Coronate L: Trade name Coronate L, manufactured by Tosoh Corporation, adduct of tolylene diisocyanate and trimethylolpropane (derivative of tolylene diisocyanate)
V-05: trade name Carbodilite V-05, manufactured by Nisshinbo Chemical Co., Ltd., carbodiimide compound V-07: trade name Carbodilite V-07, manufactured by Nisshinbo Chemical Co., Ltd., carbodiimide compound V-09: trade name Carbodilite V-09, Nisshinbo Chemical Corporation, carbodiimide compound TX: Trade name TETRAD-X, Mitsubishi Gas Chemical Co., Ltd., epoxy-based crosslinking agent TC-100: Trade name Olga-Tix TC-100, Matsumoto Fine Chemical Co., Ltd., titanium acetylacetonate (Metal chelate crosslinking agent)

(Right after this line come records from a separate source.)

Lemma search_spec d : connected G -> push_keeps_sorted d ->
  is_full_enum (search_state d).1 /\
  forall x y, trav_le (search_state d).1 x y = le (key x) (key y).
Proof.
move=> conn push_sorted.
have : state_inv (search_state d).
  rewrite /search_state; elim: (fuel G) => [|k IH]; last exact: state_inv_step.
  by exists [:: (r, [::])]; split.
have := search_state_empty d; case: (search_state d) => L Q /= -> [[|//] I _].
exact: search_inv_final.
Qed.

End Invariant.
End Search.

Section Traversals.
Variable G : egraph.
Hypothesis conn : connected G.
Local Notation r := (groot G).
Implicit Types (x y : G) (a b s t : seq G).

Definition proper_path_to x s : bool := is_path_between r x s && uniq (r :: s).

Lemma size_proper_path x s : proper_path_to x s -> size s < #|G|.
Proof.
by case/andP=> _ /card_uniqP card_s; rewrite -[_ < _]/(size (r :: s) <= _) -card_s max_card.
Qed.

Lemma lexlt_rcons2_proper x a b y : proper_path_to x a -> proper_path_to x b ->
  lexlt_from r a b -> lexlt_from r (rcons a y) (rcons b y).
Proof.
move=> /andP[/andP[_ /eqP a_x] _] /andP[/andP[_ /eqP b_x] b_uniq] ab.
rewrite -!cats1 lexlt_cat //; apply/negP => /prefixP[t eb].
case/lastP: t eb => [|t z] eb; first by rewrite eb cats0 lexlt_irr in ab.
have z_x : z = x by rewrite -b_x eb last_cat last_rcons.
move: b_uniq; rewrite eb -cat_cons cat_uniq => /and3P[_ /hasPn/(_ z)].
by rewrite mem_rcons mem_head z_x -a_x mem_last => /(_ isT).
Qed.

Definition lex_key x : seq G := least_seq #|G| (lexlt_from r) (proper_path_to x).

Definition shortlex_key x : seq G := least_seq #|G| (shortlexlt r) (is_path_between r x).

Lemma proper_path_exists x : exists2 s, proper_path_to x s & size s <= #|G|.
Proof.
case/connectP: (conn x) => p p_path ->; case: (shortenP p_path) => s s_path s_uniq _.
have s_proper : proper_path_to (last r s) s.
  by rewrite /proper_path_to /is_path_between s_path eqxx.
by exists s => //; apply/ltnW/(size_proper_path s_proper).
Qed.

Lemma lex_keyP x : proper_path_to x (lex_key x) /\
  forall s, proper_path_to x s -> reflc (lexlt_from r) (lex_key x) s.
Proof.
apply: least_seqP; [exact: lexlt_trans | | exact: proper_path_exists |].
  by move=> a b /andP[/andP[pa _] _] /andP[/andP[pb _] _]; apply: lexlt_total.
move=> s m /size_proper_path s_small _ /andP[_ n_lt_s].
by have := ltn_trans s_small n_lt_s; rewrite ltnn.
Qed.

Lemma shortlex_keyP x : is_path_between r x (shortlex_key x) /\
  forall s, is_path_between r x s -> reflc (shortlexlt r) (shortlex_key x) s.
Proof.
apply: least_seqP; [exact: shortlexlt_trans | | | ].
- by move=> a b /andP[pa _] /andP[pb _]; apply: shortlexlt_total.
- by have [s /andP[ps _] s_small] := proper_path_exists x; exists s.
- by move=> s m _ _ /andP[m_small n_lt_s]; rewrite /shortlexlt (leq_ltn_trans m_small n_lt_s).
Qed.

Lemma lex_key_spec : path_key_spec (lexlt_from r) proper_path_to lex_key.
Proof.
split.
- exact: lexlt_trans.
- exact: lexlt_irr.
- exact: lexle_prefix.
- exact: lexlt_rcons_eord.
- exact: lexlt_rcons2_proper.
- by move=> x s /andP[].
- by rewrite /proper_path_to /is_path_between /= eqxx.
- move=> x s t /andP[/path_between_prefix ps].
  by rewrite /proper_path_to ps -cat_cons cat_uniq => /andP[].
- move=> x s y /andP[xs us] xy ys.
  by rewrite /proper_path_to (path_between_rcons xs xy) -rcons_cons rcons_uniq ys.
- by move=> x; case: (lex_keyP x).
- by move=> x; case: (lex_keyP x).
Qed.

Lemma shortlex_key_spec : path_key_spec (shortlexlt r) (is_path_between r) shortlex_key.
Proof.
split.
- exact: shortlexlt_trans.
- exact: shortlexlt_irr.
- exact: shortlexle_prefix.
- exact: shortlexlt_rcons_eord.
- by move=> x a b y _ _; apply: shortlexlt_rcons.
- by [].
- by rewrite /is_path_between /= eqxx.
- exact: path_between_prefix.
- by move=> x s y xs xy _; apply: path_between_rcons xs xy.
- by move=> x; case: (shortlex_keyP x).
- by move=> x; case: (shortlex_keyP x).
Qed.
(* Let $c \ge 3$, let $H$ be a convex polygon in the plane with $c$ vertices, and let $T$ be a triangulation of $H$. Then every Sperner labelling of $T$ has a triangle of $T$ whose three vertices have three different labels.
   Context: A triangulation $T$ of $H$ is a subdivision of $H$ into finitely many triangles meeting face-to-face, whose vertex set contains the vertices of $H$. A Sperner labelling of $T$ is a function from the vertices of $T$ to $\{0,\dots,c-1\}$ such that the $c$ vertices of $H$ receive pairwise different labels, and every vertex of $T$ lying on the boundary of $H$ between two consecutive vertices $u,w$ of $H$ (on the edge $uw$) receives the label of $u$ or the label of $w$. *)

From HB Require Import structures.
From mathcomp Require Import all_boot all_order all_algebra.
Set Implicit Arguments. Unset Strict Implicit. Unset Printing Implicit Defensive.
Import Order.TTheory GRing.Theory Num.Theory.
Local Open Scope ring_scope.

Section Defs.
Variable R : realFieldType.
Notation pt := 'rV[R]_2.

Definition in_conv (s : seq pt) (x : pt) : Prop :=
  exists w : 'I_(size s) -> R,
    (forall i, 0 <= w i) /\ \sum_i w i = 1 /\ x = \sum_i w i *: s`_i.

Definition orient (a b p : pt) : R :=
  (b 0 0 - a 0 0) * (p 0 1 - a 0 1) - (b 0 1 - a 0 1) * (p 0 0 - a 0 0).

(* v : 'I_c -> pt lists the vertices of a convex polygon in cyclic order:
   for every edge v i v (i+1), all other vertices lie strictly on one
   common side of the line through this edge. *)
Definition convex_polygon (c : nat) (v : 'I_c -> pt) : Prop :=
  forall i j k : 'I_c,
    j != i -> j != ordS i -> k != i -> k != ordS i ->
    0 < orient (v i) (v (ordS i)) (v j) * orient (v i) (v (ordS i)) (v k).

Definition polygon_pts (c : nat) (v : 'I_c -> pt) (x : pt) : Prop :=
  in_conv [seq v i | i <- enum 'I_c] x.

Definition triangle := (pt * pt * pt)%type.
Definition tri_vs (t : triangle) : seq pt := [:: t.1.1; t.1.2; t.2].
Definition nondegenerate (t : triangle) : Prop := orient t.1.1 t.1.2 t.2 != 0.

Definition tvertex (T : seq triangle) (x : pt) : Prop :=
  exists2 t, t \in T & x \in tri_vs t.

(* T is a triangulation of the convex polygon with vertex list v:
   finitely many nondegenerate triangles whose union is H, meeting
   face-to-face (the intersection of two triangles is the convex hull of
   their common vertices, i.e. empty, a common vertex, a common edge or the
   whole triangle), and whose vertex set contains the vertices of H. *)
Definition triangulation (c : nat) (v : 'I_c -> pt) (T : seq triangle) : Prop :=
  [/\ forall t, t \in T -> nondegenerate t,
      forall x, polygon_pts v x <-> exists2 t, t \in T & in_conv (tri_vs t) x,
      forall t1 t2, t1 \in T -> t2 \in T -> forall x,
        (in_conv (tri_vs t1) x /\ in_conv (tri_vs t2) x) <->
        in_conv [seq p <- tri_vs t1 | p \in tri_vs t2] x
    & forall i, tvertex T (v i)].

(* Sperner labelling with labels {0,...,c-1} (only its values on vertices of
   T matter). *)
Definition sperner_labelling (c : nat) (v : 'I_c -> pt) (T : seq triangle)
    (lab : pt -> 'I_c) : Prop :=
  (forall i j : 'I_c, lab (v i) = lab (v j) -> i = j) /\
  (forall x, tvertex T x -> forall i : 'I_c,
     in_conv [:: v i; v (ordS i)] x ->
     lab x = lab (v i) \/ lab x = lab (v (ordS i))).

End Defs.

(* Sperner's lemma by a signed count over the directed edges of the triangles.  Let a and
   b be the labels of the polygon vertices v0 and v1.  A directed edge xy of a triangle,
   signed by the orientation of that triangle, gets the weight g(lab x, lab y) - (psi y -
   psi x), where g(a, b) = 1, g(b, a) = -1, g = 0 otherwise, and psi p = 1 iff p lies on
   the side v0 v1 and has label b.  Around a triangle without three distinct labels the
   weights add up to zero, so the total over all triangles vanishes.  An edge inside the
   polygon is shared by exactly two triangles lying on opposite sides of it, and their
   contributions cancel.  On the boundary the Sperner condition and the correction psi make
   every contribution vanish, except for the edges of the side v1 v2 ending at v1, which
   contribute the orientation sign of the polygon; there is at least one such edge, so the
   total is nonzero.

   The facts about the triangulation are obtained by perturbation: a point slightly across
   the midpoint of an inner edge, or slightly off v1 along the side v1 v2, lies in a
   triangle which, by the face-to-face condition, contains that edge, resp. v1. *)

From HB Require Import structures.
From mathcomp Require Import all_boot all_order all_algebra.
From mathcomp Require Import ring lra zify.
From Stdlib Require Import Classical.
Import Order.TTheory GRing.Theory Num.Theory.
Set Implicit Arguments. Unset Strict Implicit. Unset Printing Implicit Defensive.
Local Open Scope ring_scope.

Lemma sg_eq_of_mul_gt0 (R : realDomainType) (x y : R) : 0 < x * y -> Num.sg x = Num.sg y.
Proof. by move/gtr0_sg/eqP; rewrite sgrM -(sgr_id y) mulr_sg_eq1 sgr_id => /andP[_ /eqP]. Qed.

Lemma sg_opp_of_mul_lt0 (R : realDomainType) (x y : R) : x * y < 0 -> Num.sg x = - Num.sg y.
Proof. by move=> xy; rewrite -sgrN; apply: sg_eq_of_mul_gt0; rewrite mulrN oppr_gt0. Qed.

Lemma divr_ge0_scale (R : realFieldType) (s x o : R) : 0 <= s * x -> 0 < s * o -> 0 <= x / o.
Proof.
move=> sx so; have s0 : s != 0 by apply: contraTneq so => ->; rewrite mul0r ltxx.
have -> : x / o = (s * x) / (s * o) by rewrite invfM mulrACA mulfV // mul1r.
by rewrite divr_ge0 // ltW.
Qed.

(** * Orientation and convex combinations *)

Section Orientation.
Variable R : realFieldType.
Local Notation pt := 'rV[R]_2.
Implicit Types (a b c p q x : pt) (s : R).

Lemma row2_eq p q : p 0 0 = q 0 0 -> p 0 1 = q 0 1 -> p = q.
Proof.
move=> e0 e1; apply/rowP => -[[|[|//]] j] /=.
- by rewrite (_ : Ordinal j = 0) //; exact: val_inj.
- by rewrite (_ : Ordinal j = 1) //; exact: val_inj.
Qed.

Lemma orient_rot a b c : orient a b c = orient b c a.
Proof. rewrite /orient; ring. Qed.

Lemma orient_swap a b c : orient b a c = - orient a b c.
Proof. rewrite /orient; ring. Qed.

Lemma orient_xxy a b : orient a a b = 0.
Proof. rewrite /orient; ring. Qed.

Lemma orient_xyx a b : orient a b a = 0.
Proof. rewrite /orient; ring. Qed.

Lemma orient_xyy a b : orient a b b = 0.
Proof. rewrite /orient; ring. Qed.

Lemma orient_lerp a b p q s :
  orient a b ((1 - s) *: p + s *: q) = (1 - s) * orient a b p + s * orient a b q.
Proof. rewrite /orient !mxE; ring. Qed.

Lemma orient_comb3 a b p q x (al be ga : R) : al + be + ga = 1 ->
  orient a b (al *: p + be *: q + ga *: x) =
  al * orient a b p + be * orient a b q + ga * orient a b x.
Proof. move=> h; have -> : al = 1 - be - ga by lra. rewrite /orient !mxE; ring. Qed.

Lemma orient_lerp_base a b s s' p :
  orient ((1 - s) *: a + s *: b) ((1 - s') *: a + s' *: b) p = (s' - s) * orient a b p.
Proof. rewrite /orient !mxE; ring. Qed.

Lemma orient_lerp_dst a b p s : orient a ((1 - s) *: a + s *: b) p = s * orient a b p.
Proof. rewrite /orient !mxE; ring. Qed.

Lemma orient_sum (I : finType) (w : I -> R) (P : I -> pt) a b : \sum_i w i = 1 ->
  orient a b (\sum_i w i *: P i) = \sum_i w i * orient a b (P i).
Proof.
move=> w1; have coordE j : (\sum_i w i *: P i) 0 j = \sum_i w i * P i 0 j.
  by rewrite summxE; apply: eq_bigr => i _; rewrite mxE.
rewrite /orient !coordE.
transitivity (\sum_i ((b 0 0 - a 0 0) * (w i * P i 0 1) - ((b 0 0 - a 0 0) * a 0 1) * w i
   - (b 0 1 - a 0 1) * (w i * P i 0 0) + ((b 0 1 - a 0 1) * a 0 0) * w i)).
  by rewrite !big_split /= !sumrN -!mulr_sumr w1; ring.
by apply: eq_bigr => i _; ring.
Qed.

Lemma orient_parallelogram a b p q x :
  orient a b (p + q - x) = orient a b p + orient a b q - orient a b x.
Proof. rewrite /orient !mxE; ring. Qed.

Definition midpoint p q : pt := 2^-1 *: p + 2^-1 *: q.

Lemma subr_half : 1 - 2^-1 = 2^-1 :> R.
Proof. by rewrite {1}(splitr 1) mul1r addrK. Qed.

Lemma orient_midpoint a b p q :
  orient a b (midpoint p q) = 2^-1 * orient a b p + 2^-1 * orient a b q.
Proof. by rewrite /midpoint -{1}subr_half orient_lerp subr_half. Qed.

Lemma orient_cramer a b c x :
  orient a b c *: x = orient b c x *: a + orient c a x *: b + orient a b x *: c.
Proof. apply: row2_eq; rewrite /orient !mxE; ring. Qed.

Lemma orient_bary_sum a b c x :
  orient b c x + orient c a x + orient a b x = orient a b c.
Proof. rewrite /orient; ring. Qed.

Definition conv3 a b c x := exists al be ga : R,
  [/\ 0 <= al, 0 <= be, 0 <= ga, al + be + ga = 1 & x = al *: a + be *: b + ga *: c].

Lemma in_conv3 a b c x : in_conv [:: a; b; c] x <-> conv3 a b c x.
Proof.
rewrite /in_conv /=; split.
  case=> w [w0 [+ ->]]; rewrite !big_ord_recl !big_ord0 /= !addr0 => w1.
  exists (w ord0), (w (lift ord0 ord0)), (w (lift ord0 (lift ord0 ord0))).
  by split => //; rewrite -?addrA.
case=> al [be [ga [h0 h1 h2 h3 ->]]].
exists (fun i : 'I_3 => [:: al; be; ga]`_i); split.
  by case=> [[|[|[|//]]] ?].
by rewrite !big_ord_recl !big_ord0 /= !addr0 !addrA.
Qed.

Lemma in_conv2 a b x :
  in_conv [:: a; b] x <-> exists2 s, 0 <= s <= 1 & x = (1 - s) *: a + s *: b.
Proof.
rewrite /in_conv /=; split.
  case=> w [w0 [+ ->]]; rewrite !big_ord_recl !big_ord0 /= !addr0 => w1.
  exists (w (lift ord0 ord0)); first by have := w0 ord0; have := w0 (lift ord0 ord0); lra.
  by congr (_ *: _ + _); lra.
case=> s /andP[s0 s1] ->; exists (fun i : 'I_2 => [:: 1 - s; s]`_i); split.
  by case=> [[|[|//]] ?] /=; lra.
by rewrite !big_ord_recl !big_ord0 /= !addr0; split => //; lra.
Qed.

Lemma in_conv_mem (s : seq pt) p : p \in s -> in_conv s p.
Proof.
move=> ps; pose k := Ordinal (etrans (index_mem p s) ps).
exists (fun i => (i == k)%:R); split; first by move=> i; apply: ler0n.
split.
  by rewrite (bigD1 k) //= eqxx big1 ?addr0 // => i /negPf->.
by rewrite (bigD1 k) //= eqxx scale1r nth_index // big1 ?addr0 // => i /negPf->; rewrite scale0r.
Qed.

Lemma conv3_rot a b c x : conv3 a b c x -> conv3 b c a x.
Proof.
case=> al [be [ga [h0 h1 h2 h3 ->]]]; exists be, ga, al; split => //; first lra.
by rewrite [RHS]addrC addrA.
Qed.

Lemma conv3_swap a b c x : conv3 a b c x -> conv3 b a c x.
Proof.
case=> al [be [ga [h0 h1 h2 h3 ->]]]; exists be, al, ga; split => //; first lra.
by rewrite (addrC (al *: a)).
Qed.

Lemma conv3_baryP a b c x : orient a b c != 0 ->
  conv3 a b c x <-> [/\ 0 <= orient b c x / orient a b c,
    0 <= orient c a x / orient a b c & 0 <= orient a b x / orient a b c].
Proof.
move=> o0; split.
  case=> al [be [ga [h0 h1 h2 h3 ->]]].
  rewrite !orient_comb3 // !(orient_xxy, orient_xyx, orient_xyy).
  rewrite -(orient_rot a b c) -(orient_rot c a b) (orient_rot c a b).
  by rewrite !mulr0 ?addr0 ?add0r !mulfK.
case=> h1 h2 h3; exists (orient b c x / orient a b c), (orient c a x / orient a b c),
  (orient a b x / orient a b c); split => //.
  by rewrite -!mulrDl orient_bary_sum mulfV.
apply: (scalerI o0); rewrite !scalerDr !scalerA !(mulrC (orient a b c)) !mulfVK //.
exact: orient_cramer.
Qed.

Lemma conv3_lerp_midpoint a b c s : 0 <= s <= 1 ->
  conv3 a b c ((1 - s) *: midpoint a b + s *: c).
Proof.
case/andP=> s0 s1; exists ((1 - s) / 2), ((1 - s) / 2), s.
split; rewrite ?divr_ge0 ?subr_ge0 //; first lra.
by rewrite /midpoint scalerDr !scalerA.
Qed.

Lemma conv3_midpoint a b c : conv3 a b c (midpoint a b).
Proof.
exists 2^-1, 2^-1, 0; split; rewrite ?invr_ge0 ?ler0n //; last by rewrite scale0r addr0.
by rewrite addr0 -{1}subr_half subrK.
Qed.

End Orientation.

Section AffineFunctionals.
Variable R : realFieldType.
Local Notation pt := 'rV[R]_2.
Implicit Types (f g : pt -> R) (s : seq pt) (a b x : pt).

Definition affine f := forall (I : finType) (w : I -> R) (P : I -> pt),
  \sum_i w i = 1 -> f (\sum_i w i *: P i) = \sum_i w i * f (P i).

Lemma orient_affine a b : affine (orient a b).
Proof. by move=> I w P; apply: orient_sum. Qed.

Lemma affineZ (k : R) f : affine f -> affine (fun p => k * f p).
Proof.
by move=> af I w P w1; rewrite af // mulr_sumr; apply: eq_bigr => i _; rewrite mulrCA.
Qed.

Lemma affineD f g : affine f -> affine g -> affine (fun p => f p + g p).
Proof.
by move=> af ag I w P w1; rewrite af // ag // -big_split; apply: eq_bigr => i _; rewrite mulrDr.
Qed.

Lemma affine_cst (k : R) : affine (fun => k).
Proof. by move=> I w P w1; rewrite -mulr_suml w1 mul1r. Qed.

Lemma sumr_gt0_exists (I : finType) (F : I -> R) : 0 < \sum_i F i -> exists i, 0 < F i.
Proof.
move=> h; apply/existsP; apply: contraLR h => /existsPn hn.
by rewrite -leNgt; apply: sumr_le0 => i _; rewrite leNgt hn.
Qed.

Lemma conv_ge0 f s x : affine f -> in_conv s x ->
  {in s, forall p, 0 <= f p} -> 0 <= f x.
Proof.
move=> af [w [w0 [w1 ->]]] f0; rewrite af //; apply: sumr_ge0 => i _.
by rewrite mulr_ge0 // f0 // mem_nth.
Qed.

Lemma conv_eq0 f s x : affine f -> in_conv s x ->
  {in s, forall p, f p = 0} -> f x = 0.
Proof.
move=> af [w [w0 [w1 ->]]] f0; rewrite af //; apply: big1 => i _.
by rewrite f0 ?mulr0 // mem_nth.
Qed.

Lemma conv_lt0 f s x : affine f -> in_conv s x -> f x < 0 ->
  exists2 p, p \in s & f p < 0.
Proof.
move=> af hx fx; apply: NNPP => hn; move: fx; apply/negP; rewrite -leNgt.
by apply: (conv_ge0 af hx) => p ps; rewrite leNgt; apply/negP => fp; apply: hn; exists p.
Qed.

Lemma conv_face f g s x : affine f -> affine g -> in_conv s x ->
  {in s, forall p, 0 <= f p} -> f x = 0 -> 0 < g x ->
  exists2 p, p \in s & f p = 0 /\ 0 < g p.
Proof.
move=> af ag [w [w0 [w1 ->]]] f0; rewrite af // ag // => fx gx.
have wf0 := psumr_eq0P (fun i _ => mulr_ge0 (w0 i) (f0 _ (mem_nth 0 (ltn_ord i)))) fx.
have [i wgi] := sumr_gt0_exists gx.
have wi0 : w i != 0 by apply: contraTneq wgi => ->; rewrite mul0r ltxx.
exists s`_i; first exact: mem_nth.
split; last by rewrite pmulr_rgt0 // lt_def wi0 w0 in wgi.
by have /eqP := wf0 i isT; rewrite mulf_eq0 (negPf wi0) => /eqP.
Qed.
Lemma n_inj_predT (S T : finType) : n_inj (fun _ : {ffun S -> T} => true) = #|T| ^_ #|S|.
Proof. by rewrite /n_inj -card_inj_ffuns; apply: eq_card => f; rewrite !inE andbT. Qed.

Lemma n_injC (S T : finType) (P : pred {ffun S -> T}) :
  n_inj P + n_inj (predC P) = n_inj (fun _ : {ffun S -> T} => true).
Proof.
rewrite /n_inj -[RHS](cardsID [set f | P f]).
by congr (_ + _); apply: eq_card => f; rewrite !inE andbT // andbC.
Qed.

Lemma card_image_family_setD (S T : finType) (f : {ffun S -> T})
    (SS : {set {set S}}) (TT : {set {set T}}) : injective f ->
  #|image_family f SS :\: TT| + #|[set A in SS | f @: A \in TT]| = #|SS|.
Proof.
move=> finj; set J := [set A in SS | _].
have -> : image_family f SS :\: TT = (fun A : {set S} => f @: A) @: (SS :\: J).
  apply/setP => B; rewrite !inE; apply/andP/imsetP => [[BT /imsetP [A AS eB]]|[A]].
    by exists A; rewrite // !inE AS -eB BT.
  by rewrite !inE => /andP [/nandP [/negP // | fAT] AS] ->; split => //; apply/imsetP; exists A.
rewrite card_imset; last exact: imset_inj.
rewrite addnC -(cardsID J SS); congr (_ + _).
by apply: eq_card => A; rewrite !inE; case: (A \in SS).
Qed.

Local Open Scope ring_scope.

Lemma ler_expr_ffact (R : realDomainType) (m N : nat) (mu : R) :
  0 <= mu -> m%:R <= (1 - mu) * N%:R -> (mu * N%:R) ^+ m <= (N ^_ m)%:R.
Proof.
move=> mu0 hm.
have mN : (m <= N)%N.
  by rewrite -(ler_nat R); apply: le_trans hm _; rewrite ler_piMl ?ler0n //; lra.
rewrite ffact_prod natr_prod -[m in X in X <= _]card_ord -prodr_const.
apply: ler_prod => i _; rewrite mulr_ge0 ?ler0n //=.
have iN : (i < N)%N := leq_trans (ltn_ord i) mN.
have im : (i.+1%:R : R) <= m%:R by rewrite ler_nat (ltn_ord i).
rewrite natrB ?(ltnW iN) // -addn1 natrD in im *.
move: hm; rewrite mulrBl mul1r; lra.
Qed.

Lemma ler_card_bigcup_subsets (R : numDomainType) (I X : finType) (A : {set I})
    (Q : pred {set I}) (E : {set I} -> {set X}) (c : R) :
  0 <= c -> (forall J : {set I}, J \subset A -> Q J -> #|E J|%:R <= c) ->
  #|\bigcup_(J : {set I} | (J \subset A) && Q J) E J|%:R <= 2 ^+ #|A| * c.
Proof.
move=> c0 cE; apply: le_trans (_ : (\sum_(J : {set I} | (J \subset A) && Q J) #|E J|)%:R <= _).
  by rewrite ler_nat leq_card_bigcup.
rewrite natr_sum; apply: le_trans (ler_sum _ (G := fun=> c) _) _ => [J /andP []|].
  exact: cE.
rewrite sumr_const -[X in X <= _]mulr_natl; apply: (ler_wpM2r c0 _).
rewrite -natrX ler_nat -card_powerset.
by apply: subset_leq_card; apply/subsetP => J; rewrite !inE => /andP [].
Qed.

  As shown in Table 1, it can be seen that the polarizing plate with the pressure-sensitive adhesive layer produced using the pressure-sensitive adhesive compositions of Examples 1 to 14 has good evaluation results for durability and suppression of white spots.

Claims (8)

A (meth) acrylic polymer containing 0.1% by mass to 5% by mass of a structural unit derived from a monomer having a carboxy group, based on the total structural unit;
8 to 30 parts by mass of an isocyanate compound with respect to 100 parts by mass of the (meth) acrylic polymer;
0.1 to 0.5 parts by mass of a carbodiimide compound with respect to 100 parts by mass of the (meth) acrylic polymer;
A pressure-sensitive adhesive composition comprising:   The pressure-sensitive adhesive composition according to claim 1, wherein a ratio of the isocyanate compound to the carbodiimide compound is 25 to 150 on a mass basis.   Furthermore, the adhesive composition of Claim 1 or Claim 2 containing 0.05 mass part-3 mass parts silane coupling agent with respect to 100 mass parts of said (meth) acrylic-type polymers.   The said (meth) acrylic-type polymer contains 0.1 mass%-0.5 mass% of structural units derived from the monomer which has a hydroxyl group with respect to all the structural units. The pressure-sensitive adhesive composition according to claim 1.   The pressure-sensitive adhesive composition according to any one of claims 1 to 4, wherein the (meth) acrylic polymer has a weight average molecular weight of 700,000 to 2,000,000.   The pressure-sensitive adhesive composition according to any one of claims 1 to 5, wherein the gel fraction after crosslinking is from 65% by mass to 92% by mass.   The pressure-sensitive adhesive composition according to any one of claims 1 to 6, wherein the pressure-sensitive adhesive composition is used when a polarizing plate having a moisture content exceeding 5% is adhered to an adherend.   A polarizing plate with an adhesive layer comprising: a polarizing plate; and an adhesive layer formed from the adhesive composition according to any one of claims 1 to 7.